INPUT DATA:
(* Let $Z$ be a smooth toric variety with ample anticanonical bundle which is obtained from $\mathbb{A}^l$ by a sequence of blow-ups, each centered in a torus-fixed point of the previous variety. Then $Z$ is either $\mathbb{A}^l$ or the blow-up of $\mathbb{A}^l$ at the torus-fixed point (the origin).
   Context: $\mathbb{A}^l$ is the affine toric variety of the torus $S=(\mathbb{C}^* )^l$ (fan: the cone spanned by a lattice basis and its faces); blow-ups at torus-fixed points are toric, corresponding to star subdivision of a maximal cone at the sum of its generators. *)

From HB Require Import structures.
From mathcomp Require Import all_boot all_order all_algebra.
From mathcomp Require Import finmap.
Set Implicit Arguments. Unset Strict Implicit. Unset Printing Implicit Defensive.
Import Order.TTheory GRing.Theory Num.Theory.
Local Open Scope ring_scope.
Local Open Scope fset_scope.

Definition lat (l : nat) := 'rV[int]_l.

(* A smooth full-dimensional cone, given by its set of primitive ray
   generators (a lattice basis for the cones considered here). *)
Definition cone (l : nat) := {fset lat l}.

(* A fan all of whose maximal cones are full-dimensional, given by the set
   of its maximal cones (the fan is the set of their faces). *)
Definition fan (l : nat) := {fset cone l}.

(* The cone spanned by the standard basis e_1,...,e_l: the fan of A^l. *)
Definition std_cone (l : nat) : cone l :=
  [fset (delta_mx 0 i : lat l) | i in 'I_l].

Definition affine_fan (l : nat) : fan l := [fset std_cone l].

(* Star subdivision of the maximal cone s of F at the sum v of its
   generators: s is replaced by the cones  cone(v, s \ {u}),  u in s.
   This is the fan of the blow-up at the torus-fixed point of s. *)
Definition star_subdiv (l : nat) (F : fan l) (s : cone l) : fan l :=
  let v := \sum_(u <- s) u in
  (F `\ s) `|` [fset (v |` (s `\ u)) | u in s].

(* Fans of the toric varieties obtained from A^l by a finite sequence of
   blow-ups, each centered at a torus-fixed point (= a maximal,
   full-dimensional cone) of the previous variety. *)
Inductive iterated_blowup (l : nat) : fan l -> Prop :=
| ib_base : iterated_blowup (affine_fan l)
| ib_blow (F : fan l) (s : cone l) :
    iterated_blowup F -> s \in F -> iterated_blowup (star_subdiv F s).

(* Ampleness of the anticanonical divisor -K = sum_rho D_rho on a smooth
   toric variety whose fan has convex full-dimensional support: its support
   function is strictly convex, i.e. for every maximal cone s there is a
   linear form psi_s in M with psi_s(u) = 1 on the generators of s and
   psi_s(u) < 1 on every other ray generator of the fan. *)
Definition anticanonical_ample (l : nat) (F : fan l) : Prop :=
  forall s : cone l, s \in F ->
    exists psi : 'cV[int]_l,
      (forall u, u \in s -> (u *m psi) 0 0 = 1) /\
      (forall t : cone l, t \in F -> forall u, u \in t -> u \notin s ->
         (u *m psi) 0 0 < 1).

From HB Require Import structures.
From mathcomp Require Import all_boot all_order all_algebra.
From mathcomp Require Import finmap.
From mathcomp Require Import zify.
Import Order.TTheory GRing.Theory Num.Theory.

(* Let v be the sum of the generators of a maximal cone s with l generators.
   A support function psi of -K equal to 1 on the cone {v} u s\{u} of the
   star subdivision at s takes the value psi(u) = psi(v) - (l - 1) = 2 - l.
   Hence a ray w outside {v} u s with w + u = sum_{x in s\{u}} a_x x and
   sum a_x >= 3 - l has psi(w) >= 1, so -K is not ample after blowing up s.
   Such a certificate exists for every new cone {v} u s\{k}: take u = m <> k
   and w = k, since k + m = v - sum_{x in s\{k,m}} x.  Rays are never removed
   by later subdivisions, so certificates survive them.  Thus for l >= 2 a
   second blow-up always destroys ampleness.  Keeping every generator of
   positive coordinate sum makes v distinct from the old generators; for
   l = 1 blowing up does nothing. *)
Local Open Scope fset_scope.
Local Open Scope ring_scope.

Lemma fset_exists_neq {T : choiceType} {A : {fset T}} (x : T) :
  (1 < #|` A|)%N -> exists2 y, y \in A & y != x.
Proof.
rewrite (cardfsD1 x) => A2.
have : (0 < #|` A `\ x|)%N by move: A2; case: (x \in A) => /=; lia.
by rewrite cardfs_gt0 => /fset0Pn[y /fsetD1P[yx yA]]; exists y.
Qed.

Section ToricFans.
Set Implicit Arguments. Unset Strict Implicit.
Variable l : nat.
Implicit Types (F : fan l) (s t : cone l) (x u w : lat l).

Definition pairing (psi : 'cV[int]_l) x : int := (x *m psi) 0 0.

Lemma pairingD psi x y : pairing psi (x + y) = pairing psi x + pairing psi y.
Proof. by rewrite /pairing mulmxDl mxE. Qed.

Lemma pairingZ psi a x : pairing psi (a *: x) = a * pairing psi x.
Proof. by rewrite /pairing -scalemxAl mxE. Qed.

Lemma pairing_sum psi (I : Type) (r : seq I) (f : I -> lat l) :
  pairing psi (\sum_(i <- r) f i) = \sum_(i <- r) pairing psi (f i).
Proof. by rewrite /pairing mulmx_suml summxE. Qed.

Lemma sum_fset_const (A : {fset lat l}) (c : int) :
  \sum_(x <- A) c = c * #|` A|%:Z.
Proof. by rewrite big_const_seq count_predT iter_addr_0 -natz mulr_natr. Qed.

Definition degree x : int := pairing (const_mx 1) x.

Lemma degree_delta (i : 'I_l) : degree (delta_mx 0 i) = 1.
Proof. by rewrite /degree /pairing -rowE !mxE. Qed.

Definition cone_sum s : lat l := \sum_(u <- s) u.

Definition positive_cone s : Prop := forall x, x \in s -> 0 < degree x.

Section PositiveCone.
Variable s : cone l.
Hypothesis pos_s : positive_cone s.

Lemma degree_le_cone_sum x : x \in s -> degree x <= degree (cone_sum s).
Proof.
move=> xs; rewrite /degree pairing_sum (big_fsetD1 x) //= lerDl.
by rewrite big_seq sumr_ge0 // => y /fsetD1P[_ /pos_s /ltW].
Qed.

Lemma degree_lt_cone_sum x y :
  x \in s -> y \in s -> x != y -> degree x < degree (cone_sum s).
Proof.
move=> xs ys xy; rewrite /degree pairing_sum (big_fsetD1 x) //= ltrDl.
rewrite (big_fsetD1 y) ?in_fsetD1 ?(eq_sym y) ?xy //= ltr_pwDl ?pos_s //.
by rewrite big_seq sumr_ge0 // => z /fsetD1P[_ /fsetD1P[_ /pos_s /ltW]].
Qed.

Lemma cone_sum_notin : (1 < #|` s|)%N -> cone_sum s \notin s.
Proof.
move=> s2; apply/negP => vs; have [y ys yv] := fset_exists_neq (cone_sum s) s2.
by have := degree_lt_cone_sum vs ys; rewrite eq_sym yv ltxx => /(_ isT).
Qed.

Lemma positive_star_cone u : u \in s -> positive_cone (cone_sum s |` (s `\ u)).
Proof.
move=> us x /fset1UP[->|/fsetD1P[_ /pos_s]] //.
exact: lt_le_trans (pos_s us) (degree_le_cone_sum us).
Qed.

Lemma card_star_cone u :
  (1 < #|` s|)%N -> u \in s -> #|` cone_sum s |` (s `\ u)| = #|` s|.
Proof.
move=> s2 us; rewrite cardfsU1 [in RHS](cardfsD1 u) us in_fsetD1.
by rewrite (negbTE (cone_sum_notin s2)) andbF.
Qed.

End PositiveCone.

Lemma mem_star_subdiv_new F s u :
  u \in s -> cone_sum s |` (s `\ u) \in star_subdiv F s.
Proof. by move=> us; rewrite in_fsetU; apply/orP; right; apply/imfsetP; exists u. Qed.

Lemma mem_star_subdiv_old F s t : t \in F -> t != s -> t \in star_subdiv F s.
Proof. by move=> tF ts; rewrite in_fsetU in_fsetD1 ts tF. Qed.

Lemma star_subdivP F s t : t \in star_subdiv F s ->
  (t \in F /\ t != s) \/ exists2 u, u \in s & t = cone_sum s |` (s `\ u).
Proof.
by rewrite in_fsetU in_fsetD1 => /orP[/andP[ts tF]|/imfsetP[u us ->]];
  [left | right; exists u].
Qed.

Lemma star_subdiv_singleton F x : [fset x] \in F -> star_subdiv F [fset x] = F.
Proof.
have x_cone : x |` ([fset x] `\ x) = [fset x] by rewrite fsetDv fsetU0.
move=> xF; rewrite /star_subdiv big_seq_fset1.
suff -> : [fset x |` ([fset x] `\ u) | u in [fset x]] = [fset [fset x]].
  by rewrite fsetUC fsetD1K.
apply/fsetP => c; rewrite in_fset1; apply/imfsetP/eqP => [[u /fset1P -> ->]|->].
  exact: x_cone.
by exists x; rewrite ?fset11 ?x_cone.
Qed.

Definition ray F w : Prop := exists2 t, t \in F & w \in t.

Lemma ray_star_subdiv F s w :
  (1 < #|` s|)%N -> ray F w -> ray (star_subdiv F s) w.
Proof.
move=> s2 [t tF wt]; have [ts|ts] := eqVneq t s; last first.
  by exists t => //; apply: mem_star_subdiv_old.
subst t; have [k ks kw] := fset_exists_neq w s2.
exists (cone_sum s |` (s `\ k)); first exact: mem_star_subdiv_new.
by rewrite fset1Ur // in_fsetD1 eq_sym kw.
Qed.

Definition full_positive_fan F : Prop :=
  forall s, s \in F -> #|` s| = l /\ positive_cone s.

Lemma card_std_cone : #|` std_cone l| = l.
Proof.
rewrite card_imfset.
  rewrite -(card_uniqP (enum_finmem_uniq _)) -[RHS]card_ord.
  by apply: eq_card => i; rewrite enum_finmemE.
move=> i j /matrixP /(_ ord0 i); rewrite !mxE eqxx /=.
by case: eqP => // _ /eqP; rewrite oner_eq0.
Qed.

Lemma full_positive_affine_fan : full_positive_fan (affine_fan l).
Proof.
move=> s /fset1P ->; split; first exact: card_std_cone.
by move=> x /imfsetP[i _ ->]; rewrite degree_delta.
Qed.

Lemma full_positive_star_subdiv F s : (1 < l)%N ->
  full_positive_fan F -> s \in F -> full_positive_fan (star_subdiv F s).
Proof.
move=> l2 posF sF t /star_subdivP[[/posF] //|[u us ->]].
have [card_s pos_s] := posF s sF.
split; last exact: positive_star_cone.
by rewrite card_star_cone ?card_s.
Qed.

Definition blowup_obstruction F s : Prop :=
  exists u w (a : lat l -> int),
    [/\ u \in s, ray F w, w \notin cone_sum s |` s,
        w + u = \sum_(x <- s `\ u) a x *: x & 3 - l%:Z <= \sum_(x <- s `\ u) a x].

Lemma not_ample_star_subdiv F s : #|` s| = l ->
  blowup_obstruction F s -> ~ anticanonical_ample (star_subdiv F s).
Proof.
move=> card_s [u [w [a [us [t tF wt] w_out rel sum_a]]]].
move: w_out; rewrite in_fset1U negb_or => /andP[w_v w_s].
move=> /(_ _ (mem_star_subdiv_new F us)) [psi [psi1 psi_lt1]].
have psi_facet x : x \in s `\ u -> pairing psi x = 1.
  by move=> xs; apply: psi1; rewrite fset1Ur.
have psi_v : pairing psi (cone_sum s) = 1 by apply: psi1; rewrite fset1U1.
have psi_u : pairing psi (cone_sum s) = pairing psi u + #|` s `\ u|%:Z.
  rewrite /cone_sum pairing_sum (big_fsetD1 u) //= (eq_big_seq (fun=> 1)) //.
  by rewrite sum_fset_const mul1r.
have psi_w : pairing psi w + pairing psi u = \sum_(x <- s `\ u) a x.
  rewrite -pairingD rel pairing_sum; apply: eq_big_seq => x xs.
  by rewrite pairingZ psi_facet ?mulr1.
have t_new : t \in star_subdiv F s.
  by apply: mem_star_subdiv_old => //; apply: contraNneq w_s => <-.
have w_new : w \notin cone_sum s |` (s `\ u).
  by rewrite in_fset1U in_fsetD1 negb_or w_v (negbTE w_s) andbF.
have card_facet : #|` s| = (1 + #|` s `\ u|)%N by rewrite (cardfsD1 u) us.
have := psi_lt1 t t_new w wt w_new; rewrite -/(pairing psi w).
move: psi_u psi_w sum_a card_facet; rewrite psi_v card_s; lia.
Qed.

Lemma blowup_obstruction_star_subdiv F s t : (1 < #|` s|)%N ->
  blowup_obstruction F t -> blowup_obstruction (star_subdiv F s) t.
Proof.
move=> s2 [u [w [a [? rw ? ? ?]]]].
by exists u, w, a; split => //; apply: ray_star_subdiv.
Qed.

Lemma blowup_obstruction_star_cone F s k : (1 < l)%N -> #|` s| = l ->
  positive_cone s -> k \in s ->
  blowup_obstruction (star_subdiv F s) (cone_sum s |` (s `\ k)).
Proof.
move=> l2 card_s pos_s ks; set v := cone_sum s.
have s2 : (1 < #|` s|)%N by rewrite card_s.
have [m ms mk] := fset_exists_neq k s2.
have mk' : m \in s `\ k by rewrite in_fsetD1 mk.
have v_s : v \notin s := cone_sum_notin pos_s s2.
have vm : v != m by apply: contraNneq v_s => ->.
set B := s `\ k `\ m.
have v_B : v \notin B by rewrite !in_fsetD1 (negbTE v_s) !andbF.
have facet : (v |` (s `\ k)) `\ m = v |` B.
  apply/fsetP => x; rewrite !(in_fsetD1, in_fset1U).
  by have [->|//] := eqVneq x v; rewrite (negbTE v_s) vm !andbF.
have v_split : v = k + m + \sum_(x <- B) x.
  by rewrite /v /cone_sum (big_fsetD1 k) //= (big_fsetD1 m) //= addrA.
have card_B : #|` s| = (2 + #|` B|)%N.
  by rewrite (cardfsD1 k) ks (cardfsD1 m (s `\ k)) mk'.
exists m, k, (fun x => if x == v then 1 else -1); split.
- by rewrite fset1Ur.
- exists (v |` (s `\ m)); first exact: mem_star_subdiv_new.
  by rewrite fset1Ur // in_fsetD1 eq_sym mk.
- have km : k != m by rewrite eq_sym.
  have k_lt_v : degree k < degree v := degree_lt_cone_sum pos_s ks ms km.
  have v_lt_v' : degree v < degree (cone_sum (v |` (s `\ k))) :=
    degree_lt_cone_sum (positive_star_cone pos_s ks) (fset1U1 v _) (fset1Ur v mk') vm.
  rewrite !in_fset1U in_fsetD1 eqxx /= negb_or; apply/andP; split.
    by apply/eqP => kv'; move: (lt_trans k_lt_v v_lt_v'); rewrite -kv' ltxx.
  by rewrite orbF; apply: contraNneq v_s => <-.
- rewrite facet big_fsetU1 //= eqxx scale1r.
  have -> : \sum_(x <- B) (if x == v then 1 else -1) *: x = - \sum_(x <- B) x.
    rewrite -sumrN; apply: eq_big_seq => x xB.
    by rewrite ifN ?scaleN1r //; apply: contraNneq v_B => <-.
  by rewrite v_split addrK.
- rewrite facet big_fsetU1 //= eqxx (eq_big_seq (fun=> -1)) ?sum_fset_const.
    by move: card_B; rewrite card_s; lia.
  by move=> x xB; rewrite ifN //; apply: contraNneq v_B => <-.
Qed.

Definition obstructed_fan F : Prop :=
  forall t, t \in F -> blowup_obstruction F t.

Lemma obstructed_star_subdiv F s : (1 < l)%N -> full_positive_fan F -> s \in F ->
  (forall t, t \in F -> t != s -> blowup_obstruction F t) ->
  obstructed_fan (star_subdiv F s).
Proof.
move=> l2 posF sF obsF t; have [card_s pos_s] := posF s sF.
case/star_subdivP => [[tF ts]|[k ks ->]]; last exact: blowup_obstruction_star_cone.
by apply: blowup_obstruction_star_subdiv; [rewrite card_s | exact: obsF].
Qed.

End ToricFans.

Lemma iterated_blowup_full_positive l (F : fan l) :
  (1 < l)%N -> iterated_blowup F -> full_positive_fan F.
Proof.
move=> l2; elim=> [|F' s _ posF' sF']; first exact: full_positive_affine_fan.
exact: full_positive_star_subdiv.
Qed.

Lemma iterated_blowup_obstructed l (F : fan l) :
  (1 < l)%N -> iterated_blowup F -> F = affine_fan l \/ obstructed_fan F.
Proof.
move=> l2; elim=> [|F' s ibF' IH sF']; [by left | right].
apply: obstructed_star_subdiv => //; first exact: iterated_blowup_full_positive.
move=> t tF' ts; case: IH => [F'E|]; last exact.
by move: tF' sF' ts; rewrite F'E => /fset1P -> /fset1P ->; rewrite eqxx.
Qed.

Lemma iterated_blowup_dim1 (F : fan 1) : iterated_blowup F -> F = affine_fan 1.
Proof.
elim=> [|F' s _ -> /fset1P ->] //.
have /eqP/cardfs1P[x std_x] := card_std_cone 1.
by rewrite std_x star_subdiv_singleton // -std_x fset11.
Qed.

Theorem proposition3p1 (l : nat) (hl : (0 < l)%N) (F : fan l) :
  iterated_blowup F -> anticanonical_ample F ->
  F = affine_fan l \/ F = star_subdiv (affine_fan l) (std_cone l).
Proof.
move=> ibF ampleF; have [l2|l_le1] := ltnP 1 l; last first.
  have l1 : l = 1%N by apply/eqP; rewrite eqn_leq l_le1 hl.
  by subst l; left; exact: iterated_blowup_dim1.
case: ibF ampleF => [|F' s ibF' sF'] ampleF; first by left.
have [F'E|obsF'] := iterated_blowup_obstructed l2 ibF'.
  by right; move: sF'; rewrite F'E => /fset1P ->.
have [card_s _] := iterated_blowup_full_positive l2 ibF' sF'.
by case: (not_ample_star_subdiv card_s (obsF' s sF') ampleF).
Qed.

BRIEF: When you reach the line in the material above that holds "and w = k, since", begin reproducing lines exactly, and stop after the line that holds "Implicit Types (F".

ANSWER FOR THE TASK:
   and w = k, since k + m = v - sum_{x in s\{k,m}} x.  Rays are never removed
   by later subdivisions, so certificates survive them.  Thus for l >= 2 a
   second blow-up always destroys ampleness.  Keeping every generator of
   positive coordinate sum makes v distinct from the old generators; for
   l = 1 blowing up does nothing. *)
Local Open Scope fset_scope.
Local Open Scope ring_scope.

Lemma fset_exists_neq {T : choiceType} {A : {fset T}} (x : T) :
  (1 < #|` A|)%N -> exists2 y, y \in A & y != x.
Proof.
rewrite (cardfsD1 x) => A2.
have : (0 < #|` A `\ x|)%N by move: A2; case: (x \in A) => /=; lia.
by rewrite cardfs_gt0 => /fset0Pn[y /fsetD1P[yx yA]]; exists y.
Qed.

Section ToricFans.
Set Implicit Arguments. Unset Strict Implicit.
Variable l : nat.
Implicit Types (F : fan l) (s t : cone l) (x u w : lat l).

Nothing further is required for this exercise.